そんな僕の疑問に応えようと、彼は鎧に少しかかっている黒色のローブを持ち上げて、胸部についている白銀の紋章を見せてくれた。
「白い剣のマーク......もしかして、あの大手ギルドの『アークナイツ』ですか!?」
「お、にいちゃん。このエンブレム知ってたのか?」
ドヤ顔でこちらを見てくる町田さんに、僕は目を輝かせながら彼を見つめる。
「それはもう、もちろん!」
知らないわけがない。
冒険者ギルド『アークナイツ』。
世界に少数しかいないSランク冒険者『剣聖』レインが率いる世界有数のトップ冒険者ギルドの一つ。
日本で唯一、二人のSランク冒険者を持つギルドで、その力と実力は他を寄せ付けないものらしい。

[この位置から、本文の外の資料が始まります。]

(* In the group \(\mathcal{G}\) described below, let \(i,j,k\in\{1,\dots,14\}\) be indices whose images \(\bar i,\bar j,\bar k\) under the map \(m\mapsto m\) for \(m\le 7\), \(m\mapsto m-7\) for \(m\ge 8\), are three distinct collinear points of the Fano plane. Then there exists \(\gamma_{i,j,k}\in\mathcal{N}\) with \(\gamma_{i,j,k}=t_it_jt_kt_it_j\).
   Context: Let \(\mathcal{G}=\langle x,y,t \mid x^7, y^2, (xy)^3, [x,y]^4, t^2, [t^{x^2},yx^{-1}], [t,y], (yt^{x^2})^5, (xyx^2t^x)^5, (xt)^8\rangle\), with \(a^g=g^{-1}ag\), \([a,b]=a^{-1}b^{-1}ab\). Let \(\mathcal{N}=\langle x,y\rangle\le\mathcal{G}\); it acts on \(\{1,\dots,14\}\) on the right via \(x\mapsto(1,2,3,4,5,6,7)(8,9,10,11,12,13,14)\), \(y\mapsto(1,12)(2,3)(4,11)(5,8)(6,13)(9,10)\). Put \(t_7=t\) and \(t_i=t^g\) for any \(g\in\mathcal{N}\) mapping \(7\) to \(i\). The Fano plane has points \(1,\dots,7\) and lines \(\{7,1,5\},\{1,2,6\},\{2,3,7\},\{3,4,1\},\{4,5,2\},\{5,6,3\},\{6,7,4\}\); the point \(m\) and the index \(m+7\) lie over the same point. *)

From mathcomp Require Import all_boot.
Set Implicit Arguments. Unset Strict Implicit. Unset Printing Implicit Defensive.

Record group := Group {
  carrier :> Type;
  gmul : carrier -> carrier -> carrier;
  ginv : carrier -> carrier;
  gone : carrier;
  gmulA : forall a b c, gmul a (gmul b c) = gmul (gmul a b) c;
  gmul1 : forall a, gmul gone a = a;
  gmulV : forall a, gmul (ginv a) a = gone
}.
(* Let $N\ge3$. For every $\gamma\in(\mathbb{Z}/N\mathbb{Z})^\times$, $\tilde\delta_\gamma(\mathfrak{dmr}_0^{[N]})\subset\mathfrak{dmr}_0^{[N]}$ and $\delta_\gamma(\mathfrak{dmr}_0^{\mu_N})\subset\mathfrak{dmr}_0^{\mu_N}$.
   Context: $\mu_N$ the complex $N$-th roots of unity, $\iota:\{1,\dots,N\}\to\mathbb{Z}/N\mathbb{Z}$ the residue-class bijection. $\mathbb{Q}\langle\langle\mathcal L\rangle\rangle$: noncommutative formal power series over $\mathcal L$; $(\psi\mid w)$ the coefficient of the word $w$. Alphabets $X=\{x_0\}\cup\{x_\zeta:\zeta\in\mu_N\}$, $Y=\{y_{k,\zeta}:k\ge1,\zeta\in\mu_N\}$, $\widetilde X=\{\tilde x\}\cup\{\tilde x_\alpha:\alpha\in\mathbb{Z}/N\mathbb{Z}\}$, $\widetilde Y=\{\tilde y_{k,\alpha}:k\ge1,\alpha\in\mathbb{Z}/N\mathbb{Z}\}$, with $y_{k,\zeta}\equiv x_0^{k-1}x_\zeta$, $\tilde y_{k,\alpha}\equiv\tilde x^{k-1}\tilde x_\alpha$; $\pi_Y$ (resp. $\pi_{\widetilde Y}$) is the projection of $\mathbb{Q}\langle\langle X\rangle\rangle=\mathbb{Q}\langle\langle Y\rangle\rangle\oplus\mathbb{Q}\langle\langle X\rangle\rangle x_0$ (resp. $\mathbb{Q}\langle\langle\widetilde X\rangle\rangle=\mathbb{Q}\langle\langle\widetilde Y\rangle\rangle\oplus\mathbb{Q}\langle\langle\widetilde X\rangle\rangle\tilde x$) onto the first summand. Coproducts: $\widehat\Delta_{sh}$, $\widehat\Delta_{\tilde{sh}}$ make all letters of $X$, $\widetilde X$ primitive; $\widehat\Delta_*(y_{k,\zeta})=y_{k,\zeta}\otimes1+1\otimes y_{k,\zeta}+\sum_{k_1+k_2=k,\,k_i\ge1,\,\zeta_1\zeta_2=\zeta}y_{k_1,\zeta_1}\otimes y_{k_2,\zeta_2}$; $\widehat\Delta_{\tilde*}(\tilde y_{k,\alpha})=\tilde y_{k,\alpha}\otimes1+1\otimes\tilde y_{k,\alpha}+\sum_{k_1+k_2=k,\,k_i\ge1}\tilde y_{k_1,\alpha}\otimes\tilde y_{k_2,\alpha}$. Linear maps: $\mathbf p(x_0^{k_1-1}x_{\zeta_1}\cdots x_0^{k_r-1}x_{\zeta_r}x_0^{k_{r+1}-1})=x_0^{k_1-1}x_{\zeta_1}x_0^{k_2-1}x_{\zeta_1\zeta_2}\cdots x_0^{k_r-1}x_{\zeta_1\cdots\zeta_r}x_0^{k_{r+1}-1}$; $\widetilde{\mathbf q}(\tilde x^{k_1-1}\tilde x_{\alpha_1}\cdots\tilde x^{k_r-1}\tilde x_{\alpha_r}\tilde x^{k_{r+1}-1})=\tilde x^{k_1-1}\tilde x_{\alpha_1-\alpha_2}\cdots\tilde x^{k_{r-1}-1}\tilde x_{\alpha_{r-1}-\alpha_r}\tilde x^{k_r-1}\tilde x_{\alpha_r}\tilde x^{k_{r+1}-1}$. $\mathfrak{dmr}_0^{\mu_N}$: the $\psi\in\mathbb{Q}\langle\langle X\rangle\rangle$ with (i) $(\psi\mid x_0)=(\psi\mid x_1)=0$; (ii) $\psi$ primitive for $\widehat\Delta_{sh}$; (iii) $(\psi\mid x_\zeta-x_{\zeta^{-1}})=0$ for all $\zeta\in\mu_N$; (iv) $\psi_*:=\pi_Y\mathbf p^{-1}(\psi)+\sum_{n\ge2}\frac{(-1)^{n-1}}{n}(\psi\mid x_0^{n-1}x_1)y_{1,1}^n$ primitive for $\widehat\Delta_*$. $\mathfrak{dmr}_0^{[N]}$: the $\widetilde\psi\in\mathbb{Q}\langle\langle\widetilde X\rangle\rangle$ with (i) $(\widetilde\psi\mid\tilde x)=\sum_\alpha(\widetilde\psi\mid\tilde x_\alpha)=0$; (ii) $\widetilde\psi$ primitive for $\widehat\Delta_{\tilde{sh}}$; (iii) $(\widetilde\psi\mid\tilde x_\alpha-\tilde x_{-\alpha})=0$ for all $\alpha$; (iv) $\widetilde\psi_{\tilde*}:=\pi_{\widetilde Y}\widetilde{\mathbf q}^{-1}(\widetilde\psi)+\sum_{n\ge2}\sum_{a,b_1,\dots,b_n=1}^N\frac{(-1)^{n-1}}{nN^{n+1}}(\widetilde\psi\mid\tilde x^{n-1}\tilde x_{\iota(a)})\tilde y_{1,\iota(b_1)}\cdots\tilde y_{1,\iota(b_n)}$ primitive for $\widehat\Delta_{\tilde*}$. For $\gamma\in(\mathbb{Z}/N\mathbb{Z})^\times$: $\delta_\gamma$ is the algebra automorphism of $\mathbb{Q}\langle\langle X\rangle\rangle$ with $x_0\mapsto x_0$, $x_\zeta\mapsto x_{\zeta^{\iota^{-1}(\gamma)}}$; $\tilde\delta_\gamma$ is the algebra automorphism of $\mathbb{Q}\langle\langle\widetilde X\rangle\rangle$ with $\tilde x\mapsto\tilde x$, $\tilde x_\alpha\mapsto\tilde x_{\gamma\alpha}$. *)

From HB Require Import structures.
From mathcomp Require Import all_boot all_order all_algebra.
Set Implicit Arguments. Unset Strict Implicit. Unset Printing Implicit Defensive.
Import Order.TTheory GRing.Theory Num.Theory.
Local Open Scope ring_scope.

この国に住む冒険者ーーいや、一般人ですら憧れ、惚れ込むギルドがこの『アークナイツ』だ。
「(ん? 待てよ。ということはもしかして......)ーーあの......」
「ん? なんだ、にいちゃん?」
「アークナイツが主導で今回率いるんだったら、もしかして......」
「ん? ああ、もしかして剣聖さんのことかい?」
ニヤニヤと笑いながらこちらを見る彼に、僕は少し恥ずかしい気持ちを露わにしつつも素直に答えた。
「えっと、はい......」
「へへっ、まあ、確かに気持ちはわかるぜ。かっこいいよな、あの剣一本で敵を薙ぎ払う姿はよ!」
「はい、めちゃくちゃかっこいいと思います!」
腕を空中に伸ばし、あたかも巨大な剣を振っているかのような動作を町田さんは見せる。その真似る動作に僕も共感を示し、話に花を咲かせた。
こんなことを言うのもあれだが、僕は一番尊敬している冒険者として、アークナイツの『剣聖』レインを強く推している。
何を隠そう、僕は結構なレインファンだったりするのだ。
「彼のこの前のCM、見ました?」
「ああ、あれな! あのダンディーでかっこいい姿は流石に三十路の俺でも痺れがきたぜ......」
「ええ、分かります! 僕も痺れましたから!」
「やっぱ、若いもんもあの姿には憧れるのな。だが、残念だったなにいちゃん。今回は拝めそうにもないぜ」
しかしと、町田さんは話の路線を戻し、ここにかの有名人はいないことを僕に教えてくれた。
「え、なんでなんですか?」
「今回、レインさんは不在なんだよ」
そのことを聞いた僕は、正直結構驚いた。
「今回ってあのSランクダンジョン『アイビス』の攻略ですよね? どうして、レインさんは来てないんですか?」
普通のクエストならばいざ知らず、あの七大ダンジョンの一つに挑戦するのであれば、『剣聖』の肩書きを持つ彼が来ないことは、なかなか不思議なことである。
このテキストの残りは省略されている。